Но в царстве смерти — откуда любви подобное чудо

И свет такой?

В ней жизни бессмертной зерна, источник чудотворный

Неисчислимых щедрот.

К кому прикоснется эта волна тепла и света,

Тот матерь обретет.

О, что ей весь ад восставший, любовию смерть поправшей

И грозный шквал!

Но кто ей такую любовь даровал?

 

Любовь и жестокость мести всегда существуют вместе,

Сплелись, борясь,

Надежды, страхи, тревоги в одном обитают чертоге;

Повсюду связь.

И все, веселясь и плача, решают одну задачу:

Где истина, где ложь?

Природа разит с размаху, но в сердце не будет страха,

Когда к любви придешь.

А если чередованье расцвета и увяданья,

Побед, оков, —

Лишь спор бесконечный двух богов? [38]

 

В Шантиникетоне написано другое замечательное стихотворение, героиня которого — Ахалья, легендарная жертва коварства божества и человеческой слабости. Прекрасная Ахалья была женой одного риши. [39]Бог Индра (соответствующий в индуистской мифологии Зевсу или Юпитеру) увлекся ее красотой — древнеиндийские боги, как греческие и римские их собратья, не только легко увлекались, но зачастую могли быть весьма неразборчивыми в средствах. Он принял облик ее мужа и овладел ею. Узнавший об этом муж проклял невинную женщину и превратил ее в камень. Через столетия Рама, герой "Рамаяны", вернул ей человеческое обличье. Поэт представляет себе, что в течение долгого периода утраты человеческого сознания Ахалья чувствовала себя частью "неживой" природы, одной из тех вещей, которые мы называем немыми, бесчувственными, потому что если они и обладают сознанием, то совершенно отличным от человеческого.

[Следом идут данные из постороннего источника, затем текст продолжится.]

Lemma interaction_graph_Pos_le (j i : 'I_n) :
  interaction_graph f (j, i) = Some Pos -> forall a b, jpair j a b -> f a i <= f b i.
Proof.
rewrite ffunE /=; case: ifP => // _; case: ifP => [/forallP up _ a b | _]; last by case: ifP.
by move/forallP: (up a) => /(_ b) /implyP.
Qed.

Lemma interaction_graph_Null_nmono (j i : 'I_n) : interaction_graph f (j, i) = Some Null ->
  ~~ [forall a, forall b, jpair j a b ==> (f a i <= f b i)] /\
  ~~ [forall a, forall b, jpair j a b ==> (f b i <= f a i)].
Proof. by rewrite ffunE /=; case: ifP => // _; do 2 case: ifP => //. Qed.

Lemma interaction_graph_arc_neq (j i : 'I_n) :
  interaction_graph f (j, i) != None -> exists a b, f a i != f b i.
Proof.
rewrite ffunE /=; case: ifP => // /negbFE /existsP[a /existsP[b /andP[_ ab]]] _.
by exists a, b.
Qed.

Lemma noarc_coord_indep (j i : 'I_n) : interaction_graph f (j, i) = None ->
  forall a b : config n, (forall l, l != j -> a l = b l) -> f a i = f b i.
Proof.
move=> /interaction_graph_None_eq eq_jpair.
suff lt_case (a b : config n) : (forall l, l != j -> a l = b l) -> a j < b j -> f a i = f b i.
  move=> a b ab; case: (ltngtP (a j) (b j)) => [ | ba | eq_j].
  - exact: lt_case.
  - by symmetry; apply: lt_case => // l /ab ->.
  - congr (f _ i); apply/ffunP => l.
    by case: (eqVneq l j) => [-> | /ab //]; apply: val_inj.
move=> ab lt_j; apply: eq_jpair; rewrite /jpair lt_j.
by apply/forallP => l; apply/implyP => /ab ->.
Qed.

Lemma noarcs_coord_indep (i : 'I_n) (s : seq 'I_n) :
  (forall j, j \in s -> interaction_graph f (j, i) = None) ->
  forall a b : config n, (forall l, l \notin s -> a l = b l) -> f a i = f b i.
Proof.
elim: s => [|j s IH] noarc a b ab; first by congr (f _ i); apply/ffunP => l; apply: ab.
pose c : config n := [ffun l => if l == j then b l else a l].
transitivity (f c i).
  apply: (noarc_coord_indep (noarc j (mem_head _ _))) => l /negbTE lj.
  by rewrite ffunE lj.
apply: IH => [k ks | l ls]; first by apply: noarc; rewrite inE ks orbT.
rewrite ffunE; case: eqP => [-> // | /eqP lj].
by apply: ab; rewrite inE negb_or lj.
Qed.

Definition local_map (i : 'I_n) (v : A3) : A3 := f [ffun => v] i.

Lemma sole_in_arc_local (c i : 'I_n) s : sole_in_arc (interaction_graph f) c i s ->
  forall x, f x i = local_map i (x c).
Proof.
move=> [_ noarc] x; apply: (@noarcs_coord_indep i (enum (predC1 c))) => [j | l].
  by rewrite mem_enum inE; apply: noarc.
by rewrite mem_enum inE negbK => /eqP ->; rewrite ffunE.
Qed.

Definition pinned (c : 'I_n) (u : A3) : config n := [ffun l => if l == c then u else v0].

Lemma jpair_pinned (c : 'I_n) (u w : A3) : u < w -> jpair c (pinned c u) (pinned c w).
Proof.
move=> uw; rewrite /jpair !ffunE eqxx uw.
by apply/forallP => l; apply/implyP => /negbTE lc; rewrite !ffunE lc.
Qed.

Lemma sole_Pos_local (c i : 'I_n) : sole_in_arc (interaction_graph f) c i Pos ->
  local_map i v0 <= local_map i v1 <= local_map i v2 /\ local_map i v0 < local_map i v2.
Proof.
move=> arc; have loc := sole_in_arc_local arc; have [arc_ci _] := arc.
have step (u w : A3) : u < w -> local_map i u <= local_map i w.
  move=> uw; have := interaction_graph_Pos_le arc_ci (jpair_pinned c uw).
  by rewrite !loc !ffunE eqxx.
have chain : local_map i v0 <= local_map i v1 <= local_map i v2 by rewrite !step.
have [|a [b ab]] := @interaction_graph_arc_neq c i; first by rewrite arc_ci.
by split=> //; apply: (nondecreasing3_nonconst (a := a c) (b := b c) chain); rewrite -!loc.
Qed.

Lemma sole_Null_local (c i : 'I_n) : sole_in_arc (interaction_graph f) c i Null ->
  ~~ (local_map i v0 <= local_map i v1 <= local_map i v2) /\
  ~~ (local_map i v2 <= local_map i v1 <= local_map i v0).
Proof.
move=> arc; have loc := sole_in_arc_local arc.
have [/interaction_graph_Null_nmono [not_up not_down] _] := arc.
split; [apply: contra not_up => /homo_leq3P mono | apply: contra not_down => /homo_geq3P anti];
  apply/forallP => a; apply/forallP => b; apply/implyP => /andP[ab _]; rewrite !loc.
- exact: mono (ltnW ab).
- exact: anti (ltnW ab).
Qed.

Стихотворение полно намеков и догадок о тех тайных связях, которые объединили на глубоком уровне подсознания мира природы и человека, пока любящая рука Земли не стерла с Ахальи все следы человеческого греха. И вот она снова восстает из чрева своей великой матери, вновь рожденная девственница, сияющая и прекрасная, как заря, встающая над голубым океаном забытых воспоминаний:

 

Необъятно велик нашей матери сумрачный дом,

Из листвы и цветов расписная завеса на нем,

И оттуда она, из бездонных своих кладовых,

Вечной жизнью и юностью тайно питает живых.

Так, в жилище забвенья, припав к материнской груди,

Долго-долго спала ты, не зная, что ждет впереди,

В темных недрах земли, где ночная прохлада царит,

Где всесильная вечность в беспечном беспамятстве спит:

Спит на ложе огромном, что устлано пылью веков,

Ветхой гнилью когда-то увядших в жару лепестков,

Пеплом звезд отпылавших, лоскутьями славы былой,

Старой ржавчиной горя и счастья остывшей золой…

 

Там великая мать, терпелива, нежна и тиха,

Стерла с дочери падшей последние струпья греха,

И сегодня явилась ты, облик сменив вековой,

Незнакомою девой — прекрасной, безмолвной, живой.

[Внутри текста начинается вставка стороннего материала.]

(* Let $m$ be a positive integer. Every $2^m(2^{m+1}+1)^{m+2}$-$T_0T^\ast$-perfect number $n>1$ has the form $p_1^{2^{m+1}(2^{m+1}+1)^{m+2}-1}$ for a prime $p_1$, or the form $p_1\cdots p_{m+2}$ for distinct primes $p_1,\dots,p_{m+2}$.
   Context: For a positive integer $m'$, $T(m')$ denotes the product of all positive divisors of $m'$, and $T^\ast(m')$ the product of all unitary divisors of $m'$ (divisors $d$ with $\gcd(d,m'/d)=1$). For an integer $K\ge 2$, an integer $n>1$ is called $K$-$T_0T^\ast$-perfect if $T(T^\ast(n))=n^K$. *)

From mathcomp Require Import all_boot.
Set Implicit Arguments. Unset Strict Implicit. Unset Printing Implicit Defensive.

Definition prod_divisors (m : nat) : nat := \prod_(d <- divisors m) d.

Definition prod_unitary_divisors (m : nat) : nat :=
  \prod_(d <- divisors m | coprime d (m %/ d)) d.

Definition K_T0Tstar_perfect (K n : nat) : Prop :=
  1 < n /\ prod_divisors (prod_unitary_divisors n) = n ^ K.

From mathcomp Require Import all_boot.
Set Implicit Arguments. Unset Strict Implicit. Unset Printing Implicit Defensive.

(* Write n = prod_p p^(a_p) with w distinct primes. Pairing every divisor d of N
   with N/d gives T(N)^2 = N^tau(N); pairing the unitary divisors the same way,
   and counting them (2^w of them, by multiplicativity), gives T*(n) = n^t with
   t = 2^(w-1). So T(T*(n)) = n^K reads 2K = t * prod_p (t a_p + 1).
   If w = 1 this says a = 2K - 1. Otherwise t is even and the product is odd, so
   comparing 2-adic valuations with 2K = 2^(m+1) (2^(m+1)+1)^(m+2) gives
   t = 2^(m+1), i.e. w = m + 2; then prod_p (t a_p + 1) = (t+1)^w with every
   factor at least t + 1 forces all a_p = 1. *)

Lemma divn_divn_dvd N d : 0 < N -> d %| N -> N %/ (N %/ d) = d.
Proof. by move=> N_gt0 dvd_dN; rewrite divnA // mulKn. Qed.

Lemma perm_divisors_compl N : 0 < N ->
  perm_eq (divisors N) [seq N %/ d | d <- divisors N].
Proof.
move=> N_gt0; apply: uniq_perm; first exact: divisors_uniq.
  rewrite map_inj_in_uniq ?divisors_uniq // => x y.
  rewrite -!dvdn_divisors // => xN yN eq_xy.
  by rewrite -(divn_divn_dvd N_gt0 xN) eq_xy divn_divn_dvd.
move=> d; rewrite -dvdn_divisors //; apply/idP/mapP => [dN | [e]].
  by exists (N %/ d); rewrite ?divn_divn_dvd // -dvdn_divisors ?dvdn_div.
by rewrite -dvdn_divisors // => eN ->; apply: dvdn_div.
Qed.

Lemma prod_divisors_compl_sqr N (P : pred nat) : 0 < N ->
  {in divisors N, forall d, P (N %/ d) = P d} ->
  (\prod_(d <- divisors N | P d) d) ^ 2 = N ^ count P (divisors N).
Proof.
move=> N_gt0 P_compl.
have prod_compl :
    \prod_(d <- divisors N | P d) d = \prod_(d <- divisors N | P d) (N %/ d).
  rewrite [LHS](perm_big _ (perm_divisors_compl N_gt0)) big_map.
  rewrite [LHS]big_seq_cond [RHS]big_seq_cond; apply: eq_bigl => d.
  by case dN: (d \in _); rewrite //= P_compl.
rewrite expnS expn1 {2}prod_compl -big_split /=.
rewrite big_seq_cond (eq_bigr (fun=> N)); last first.
  by move=> d /andP[]; rewrite -dvdn_divisors // => /divnK; rewrite mulnC.
by rewrite -big_seq_cond big_const_seq iter_muln_1.
Qed.

(* [divisors n] is built by [add_divisors], which multiplies the list of
   divisors found so far by 1, p, ..., p^e for each prime factor p^e of n. *)
Lemma size_divisors n :
  size (divisors n) = \prod_(p <- primes n) (logn p n).+1.
Proof.
have size_add f s : size (PrimeDecompAux.add_divisors f s) = f.2.+1 * size s.
  case: f => p e; rewrite /PrimeDecompAux.add_divisors /=.
  by elim: e => [|e IHe] /=; rewrite ?mul1n // size_merge size_cat size_map IHe mulSn addnC.
rewrite /divisors prime_decompE.
by elim: (primes n) => [|p r IHr]; rewrite ?big_nil // big_cons -IHr size_add.
Qed.

Lemma gcdn_dvdM_coprime a b x y :
  coprime a b -> x %| a -> y %| b -> gcdn (x * y) a = x.
Proof.
by move=> cab xa yb; rewrite gcdnC Gauss_gcdl ?(coprime_dvdr yb) //; apply/gcdn_idPr.
Qed.

Lemma gcdn_coprimeM d a b : coprime a b -> d %| a * b -> d = gcdn d a * gcdn d b.
Proof.
move=> cab dab; apply/eqP; rewrite eqn_dvd; apply/andP; split.
  rewrite muln_gcdl !muln_gcdr !dvdn_gcd dab andbT.
  by rewrite (dvdn_mulr _ (dvdnn d)) (dvdn_mulr _ (dvdnn d)) (dvdn_mull _ (dvdnn d)).
rewrite Gauss_dvd ?dvdn_gcdl //.
exact: coprime_dvdl (dvdn_gcdr d a) (coprime_dvdr (dvdn_gcdr d b) cab).
Qed.

Lemma divisorsM a b : 0 < a -> 0 < b -> coprime a b ->
  perm_eq (divisors (a * b)) [seq x * y | x <- divisors a, y <- divisors b].
Proof.
move=> a_gt0 b_gt0 cab; have cba : coprime b a by rewrite coprime_sym.
have ab_gt0 : 0 < a * b by rewrite muln_gt0 a_gt0.
apply: uniq_perm; first exact: divisors_uniq.
  apply: allpairs_uniq; rewrite ?divisors_uniq //.
  move=> [x1 y1] [x2 y2] /allpairsP[[x y] /= [xa yb [-> ->]]].
  move=> /allpairsP[[x' y'] /= [x'a y'b [-> ->]]] /= eq_xy.
  move: xa yb x'a y'b; rewrite -!dvdn_divisors // => xa yb x'a y'b.
  rewrite -(gcdn_dvdM_coprime cab xa yb) eq_xy (gcdn_dvdM_coprime cab x'a y'b).
  rewrite -(gcdn_dvdM_coprime cba yb xa) mulnC eq_xy mulnC.
  by rewrite (gcdn_dvdM_coprime cba y'b x'a).
move=> d; rewrite -dvdn_divisors //; apply/idP/allpairsP => [dab | [[x y] /=]].
  exists (gcdn d a, gcdn d b); rewrite -!dvdn_divisors ?dvdn_gcdr //.
  by split=> //; apply: gcdn_coprimeM.
by rewrite -!dvdn_divisors // => -[xa yb ->]; apply: dvdn_mul.
Qed.

Definition unitary_divisor n d := coprime d (n %/ d).

Definition nunitary_divisors n := count (unitary_divisor n) (divisors n).

Lemma unitary_divisorM a b x y : coprime a b -> x %| a -> y %| b ->
  unitary_divisor (a * b) (x * y) = unitary_divisor a x && unitary_divisor b y.
Proof.
move=> cab xa yb; rewrite /unitary_divisor.
have [-> | x_gt0] := posnP x; first by rewrite !mul0n !divn0.
have [-> | y_gt0] := posnP y; first by rewrite !muln0 !divn0 andbF.
have -> : a * b %/ (x * y) = a %/ x * (b %/ y).
  by rewrite -{1}(divnK xa) -{1}(divnK yb) mulnACA mulnK ?muln_gt0 ?x_gt0.
rewrite coprimeMl !coprimeMr (coprime_dvdl xa (coprime_dvdr (dvdn_div yb) cab)).
by rewrite [coprime y _]coprime_sym (coprime_dvdl (dvdn_div xa) (coprime_dvdr yb cab)) andbT.
Qed.

Lemma nunitary_divisorsM a b : 0 < a -> 0 < b -> coprime a b ->
  nunitary_divisors (a * b) = nunitary_divisors a * nunitary_divisors b.
Proof.
move=> a_gt0 b_gt0 cab; rewrite /nunitary_divisors -!sum1_count.
rewrite [LHS](perm_big _ (divisorsM a_gt0 b_gt0 cab)) [LHS]big_mkcond big_allpairs_dep.
rewrite [X in _ = X * _]big_mkcond big_distrl /=.
apply: eq_big_seq => x; rewrite -dvdn_divisors // => xa.
rewrite [X in _ = _ * X]big_mkcond big_distrr /=.
apply: eq_big_seq => y; rewrite -dvdn_divisors // => yb.
by rewrite unitary_divisorM //; case: (unitary_divisor a x); case: (unitary_divisor b y).
Qed.

Lemma nunitary_divisors_pfactor p k : prime p -> 0 < k ->
  nunitary_divisors (p ^ k) = 2.
Proof.
move=> p_pr k_gt0; have pk_gt1 : 1 < p ^ k by rewrite -(expn0 p) ltn_exp2l ?prime_gt1.
rewrite /nunitary_divisors -size_filter (_ : 2 = size [:: 1; p ^ k]) //.
apply/perm_size/uniq_perm; first exact/filter_uniq/divisors_uniq.
  by rewrite /= inE andbT neq_ltn pk_gt1.
have pk_gt0 : 0 < p ^ k by rewrite ltnW.
move=> d; rewrite mem_filter -(dvdn_divisors _ pk_gt0) !inE /unitary_divisor.
apply/andP/orP => [[unit_d /(dvdn_pfactor _ _ p_pr)[i le_ik def_d]] | [] /eqP->].
- rewrite def_d -expnB ?prime_gt0 // in unit_d *.
  have [-> | i_gt0] := posnP i; first by left.
  right; rewrite eqn_exp2l ?prime_gt1 // eqn_leq le_ik leqNgt -subn_gt0.
  apply: contraTN unit_d => ki_gt0.
  by rewrite coprime_pexpl // coprime_pexpr // prime_coprime // dvdnn.
- by split; rewrite ?dvd1n ?coprime1n.
- by rewrite dvdnn divnn pk_gt0 coprimen1.
Qed.

Lemma nunitary_divisors_primes n : 0 < n -> nunitary_divisors n = 2 ^ size (primes n).
Proof.
elim/ltn_ind: n => n IHn n_gt0; have [n_le1 | n_gt1] := leqP n 1.
  by rewrite (_ : n = 1) //; apply/eqP; rewrite eqn_leq n_le1.
pose p := pdiv n; have p_pr : prime p := pdiv_prime n_gt1.
have p_n : p \in primes n by rewrite mem_primes p_pr n_gt0 pdiv_dvd.
have def_n : n`_p * n`_p^' = n := partnC p n_gt0.
have lt_n : n`_p^' < n.
  rewrite -{2}def_n ltn_Pmull // p_part -(expn0 p) ltn_exp2l ?prime_gt1 //.
  by rewrite logn_gt0.
rewrite -{1}def_n nunitary_divisorsM ?part_gt0 ?coprime_partC // (IHn _ lt_n) ?part_gt0 //.
rewrite p_part nunitary_divisors_pfactor ?logn_gt0 // -expnS primes_part size_filter.
congr (2 ^ _); rewrite -(count_predC (pred1 p)) (count_uniq_mem _ (primes_uniq n)) p_n.
by congr _.+1; apply: eq_count => q; rewrite !inE.
Qed.

Lemma prod_divisors_sqr N : 0 < N -> prod_divisors N ^ 2 = N ^ size (divisors N).
Proof. by move=> N_gt0; rewrite -count_predT -prod_divisors_compl_sqr. Qed.

Lemma prod_unitary_divisors_sqr n : 0 < n ->
  prod_unitary_divisors n ^ 2 = n ^ 2 ^ size (primes n).
Proof.
move=> n_gt0; rewrite -nunitary_divisors_primes // prod_divisors_compl_sqr // => d.
by rewrite -dvdn_divisors // => dn; rewrite divn_divn_dvd // coprime_sym.
Qed.

Lemma prod_unitary_divisors_expn n : 1 < n ->
  prod_unitary_divisors n = n ^ 2 ^ (size (primes n)).-1.
Proof.
move=> n_gt1; have n_gt0 := ltnW n_gt1.
have omega_gt0 : 0 < size (primes n) by rewrite lt0n size_eq0 primes_eq0 -ltnNge.
apply: (@expIn 2) => //; rewrite prod_unitary_divisors_sqr // -expnM -expnSr.
by rewrite prednK.
Qed.

Lemma size_divisors_expn n k : 0 < k ->
  size (divisors (n ^ k)) = \prod_(p <- primes n) (k * logn p n).+1.
Proof. by move=> k_gt0; rewrite size_divisors primesX //; under eq_bigr do rewrite lognX. Qed.

Lemma T0Tstar_perfect_exponent K n : K_T0Tstar_perfect K n ->
  K * 2 = 2 ^ (size (primes n)).-1 *
          \prod_(p <- primes n) (2 ^ (size (primes n)).-1 * logn p n).+1.
Proof.
move=> [n_gt1 perfect]; have n_gt0 := ltnW n_gt1; apply: (expnI n_gt1).
rewrite -size_divisors_expn ?expn_gt0 // [RHS]expnM -(prod_unitary_divisors_expn n_gt1).
by rewrite -prod_divisors_sqr ?perfect ?expnM // prod_unitary_divisors_expn // expn_gt0 n_gt0.
Qed.

Lemma logn2_expn_odd a x : odd x -> logn 2 (2 ^ a * x) = a.
Proof.
move=> x_odd; rewrite lognM ?expn_gt0 ?(odd_gt0 x_odd) // pfactorK //.
by rewrite logn_coprime ?addn0 // coprime2n.
Qed.

Lemma prodn_eq_expn_lb (I : eqType) (r : seq I) (F : I -> nat) c : 0 < c ->
  {in r, forall i, c <= F i} -> \prod_(i <- r) F i = c ^ size r -> {in r, forall i, F i = c}.
Proof.
move=> c_gt0; elim: r => [|x r IHr] // F_ge; rewrite big_cons expnS => eq_prod.
have F_ge_r : {in r, forall i, c <= F i} by move=> i ri; rewrite F_ge // inE ri orbT.
have ge_prod : c ^ size r <= \prod_(i <- r) F i.
  rewrite -(count_predT r) -iter_muln_1 -big_const_seq big_seq_cond [X in _ <= X]big_seq_cond.
  by apply: leq_prod => i /andP[/F_ge_r].
have Fx_ge : c <= F x by rewrite F_ge ?mem_head.
have cr_gt0 : 0 < c ^ size r by rewrite expn_gt0 c_gt0.
have eq_r : \prod_(i <- r) F i = c ^ size r.
  apply/eqP; rewrite eqn_leq ge_prod andbT -(leq_pmul2l c_gt0) -eq_prod.
  by rewrite leq_mul2r Fx_ge orbT.
have eq_x : F x = c by apply/eqP; move: eq_prod; rewrite eq_r => /eqP; rewrite eqn_pmul2r.
by move=> i; rewrite inE => /predU1P[-> // | /(IHr F_ge_r eq_r)].
Qed.

Lemma prod_primes_logn n : 0 < n -> n = \prod_(p <- primes n) p ^ logn p n.
Proof. by move=> n_gt0; rewrite {1}(prod_prime_decomp n_gt0) prime_decompE big_map. Qed.

Lemma logn_eq1_of_prod_primes n t : 0 < t ->
  \prod_(p <- primes n) (t * logn p n).+1 = t.+1 ^ size (primes n) ->
  {in primes n, forall p, logn p n = 1}.
Proof.
move=> t_gt0 eq_prod p p_n.
have /eqP : (t * logn p n).+1 = t.+1.
  apply: (prodn_eq_expn_lb _ _ eq_prod) => // q q_n.
  by rewrite ltnS leq_pmulr // logn_gt0.
by rewrite eqSS -{2}(muln1 t) eqn_pmul2l // => /eqP.
Qed.

Lemma T0Tstar_perfect_prime_power K n : K_T0Tstar_perfect K n ->
  size (primes n) <= 1 -> exists2 p, prime p & n = p ^ (K * 2).-1.
Proof.
move=> perfect omega_le1; have [n_gt1 _] := perfect.
have := T0Tstar_perfect_exponent perfect; have := prod_primes_logn (ltnW n_gt1).
have := all_prime_primes n; case: (primes n) omega_le1 => [| p []] //= _.
  by rewrite big_nil => _ n_eq1; rewrite n_eq1 in n_gt1.
by rewrite andbT !big_seq1 expn0 !mul1n => p_pr def_n ->; exists p.
Qed.

Lemma T0Tstar_perfect_squarefree m n :
  K_T0Tstar_perfect (2 ^ m * (2 ^ m.+1 + 1) ^ (m + 2)) n -> 1 < size (primes n) ->
  size (primes n) = m + 2 /\ n = \prod_(p <- primes n) p.
Proof.
move=> perfect omega_gt1; have [/ltnW n_gt0 _] := perfect.
have := T0Tstar_perfect_exponent perfect; rewrite mulnAC -expnSr.
set t := 2 ^ (size (primes n)).-1 => exponent.
have t_even : ~~ odd t by rewrite oddX orbF -lt0n -subn1 subn_gt0.
have prod_odd : odd (\prod_(p <- primes n) (t * logn p n).+1).
  by elim/big_rec: _ => // p x _; rewrite oddM /= oddM (negbTE t_even).
have omega_eq : m.+1 = (size (primes n)).-1.
  (* compare 2-adic valuations: t is a power of 2 and the product is odd *)
  have /(congr1 (logn 2)) := exponent.
  by rewrite logn2_expn_odd ?oddX ?oddD ?oddX ?orbT // logn2_expn_odd.
have t_def : t = 2 ^ m.+1 by rewrite /t omega_eq.
have size_primes : size (primes n) = m + 2 by rewrite addn2 omega_eq prednK // ltnW.
have t_gt0 : 0 < t by rewrite expn_gt0.
move: exponent; rewrite {1}t_def => /eqP; rewrite eqn_pmul2l ?expn_gt0 // addn1 -t_def.
rewrite -size_primes => /eqP /esym /(logn_eq1_of_prod_primes t_gt0) logn_eq1.
split=> //; rewrite {1}(prod_primes_logn n_gt0).
by apply: eq_big_seq => p /logn_eq1 ->.
Qed.

Theorem mainTheorem13 (m n : nat) :
  0 < m ->
  K_T0Tstar_perfect (2 ^ m * (2 ^ m.+1 + 1) ^ (m + 2)) n ->
  (exists p1 : nat, prime p1 /\ n = p1 ^ (2 ^ m.+1 * (2 ^ m.+1 + 1) ^ (m + 2) - 1))
  \/
  (exists ps : seq nat, size ps = m + 2 /\ uniq ps /\ all prime ps /\
     n = \prod_(p <- ps) p).
Proof.
move=> _ perfect; have [omega_le1 | omega_gt1] := leqP (size (primes n)) 1.
  have [p p_pr def_n] := T0Tstar_perfect_prime_power perfect omega_le1.
  by left; exists p; rewrite def_n mulnAC -expnSr subn1.
have [size_primes def_n] := T0Tstar_perfect_squarefree perfect omega_gt1.
by right; exists (primes n); rewrite size_primes primes_uniq all_prime_primes.
Qed.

Удивленно глядишь ты на зари золотой окоем,

А ночная роса, что осела на камне твоем,

Словно слезы восторга, дрожит в переливах огней

На распущеных косах, упавших до самых ступней.

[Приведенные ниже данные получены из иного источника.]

Theorem proposition5 (n : nat) (Hprime : prime n.+1) (S : {group 'S_n.+1})
    (sigma : 'S_n.+1) (g : 'M[algC]_n.+1) :
  sigma \in S -> SLf g -> (2 <= #|porbits sigma|)%N ->
  exists d : {set 'I_n.+1} -> int,
    conj_in (Ggrp S) (perm_mx sigma * g)
      (\prod_(A in porbits sigma)
          (perm_mx (cycle_of sigma A) * tgen (first_idx A) ^ (d A))).
Proof.
move=> _ [/Gfd_diagf[x xN ->] _] two_orbits.
have O_coprime : coprime #|porbit sigma ord0| n.+1.
  rewrite coprime_sym prime_coprime // gtnNdvd ?lt0n ?card_porbit_neq0 //.
  by have := card_porbit_lt ord0 two_orbits; rewrite card_ord.
have [y [yN y_det] y_conj] := diag_conj_orbit_twist O_coprime xN.
have dP A : {m : 'I_n.+1 | orbit_twist sigma x (first_idx A) = zeta n ^+ m}.
  by have := orbit_twist_unity sigma (first_idx A) xN => /(prim_rootP (zeta_prim n)).
exists (fun A => Posz (sval (dP A))), (diagf y); split.
  by apply: gen_base; right; split; [exact: diagf_Gfd | rewrite det_diagf].
rewrite prod_cycle_tgen y_conj mulrK; last by rewrite unitmxE det_diagf y_det unitr1.
congr (_ * _); apply: eq_diagf => k; case: ifP => [/eqP k_first | k_nfirst].
  by case: (dP _) => m /= <-; rewrite -k_first.
by rewrite /orbit_twist k_nfirst.
Qed.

А разросшийся мох, что тебя столько лет одевал

И мохнатым, густым под осенними ливнями стал,

Словно плащ бархатистый, еще обвивает твой стан, —

Он тебе на прощанье заботливой матерью дан. [40]

 

 

Во многих других стихах Тагор остался поэтом любви и природы, но рядом с ними звучат горячие слова обличения пороков его соотечественников. В стихотворении "Безумные надежды" Тагор осуждает своих сограждан за то, что им не хватает силы и мужества: они без устали хвастаются своей ушедшей славой и арийским наследием — "благочестивые рисоеды, бенгальские сосунки". Они дымят кальянами и тасуют грязные карты с самодовольной ухмылкой, а в это время "безумные надежды Шипят как змеи в их груди".

 

Уж лучше родиться бы мне

Скитальцем степным, бедуином,

Скакать на коне без конца

По выжженным солнцем безводным равнинам.

Неизвестно, куда мчаться ночью и днем.

Упование вечное в сердце моем.

В дымке тускло-багровой исчез окоем,

Нет предела просторам пустынным. [41]

 

Чувство юмора и дар иронии в полной мере сказываются в его сатирических стихотворениях. В одном он поздравляет "патриотов", "строящих нашу страну", с тем, что они нашли легкий способ подбадривать себя, заполняя целые стопы бумаги петициями, что они всегда готовы броситься в бой, были бы чернила и бумага под рукой. Самая злая из этих сатир была написана в 1888 году, когда группа подобных "патриотических арийцев" напала на проповедника "Армии спасения" и избила его. Описание этого подлого нападения дает Тагор в стихотворении под названием "Дхарма Прачар" ("Борцы за религию"). Стихи замечательны своей свирепой иронией и презрением к единоверцам. Не знаешь, чем больше восхищаться — сатирическим даром автора или отвагой его гуманизма. Другое стихотворение, "Покинутый", напоминает "Заблудившегося вождя" Браунинга — стихи полны боли и упреков к тем "заблудившимся вождям", которые возглавляли процесс национального возрождения и открывали новые горизонты, но теперь обратились в яростных реакционеров и оправдывают всякий глупый или жестокий обычай во имя идеалов индуизма, в частности браки малолетних.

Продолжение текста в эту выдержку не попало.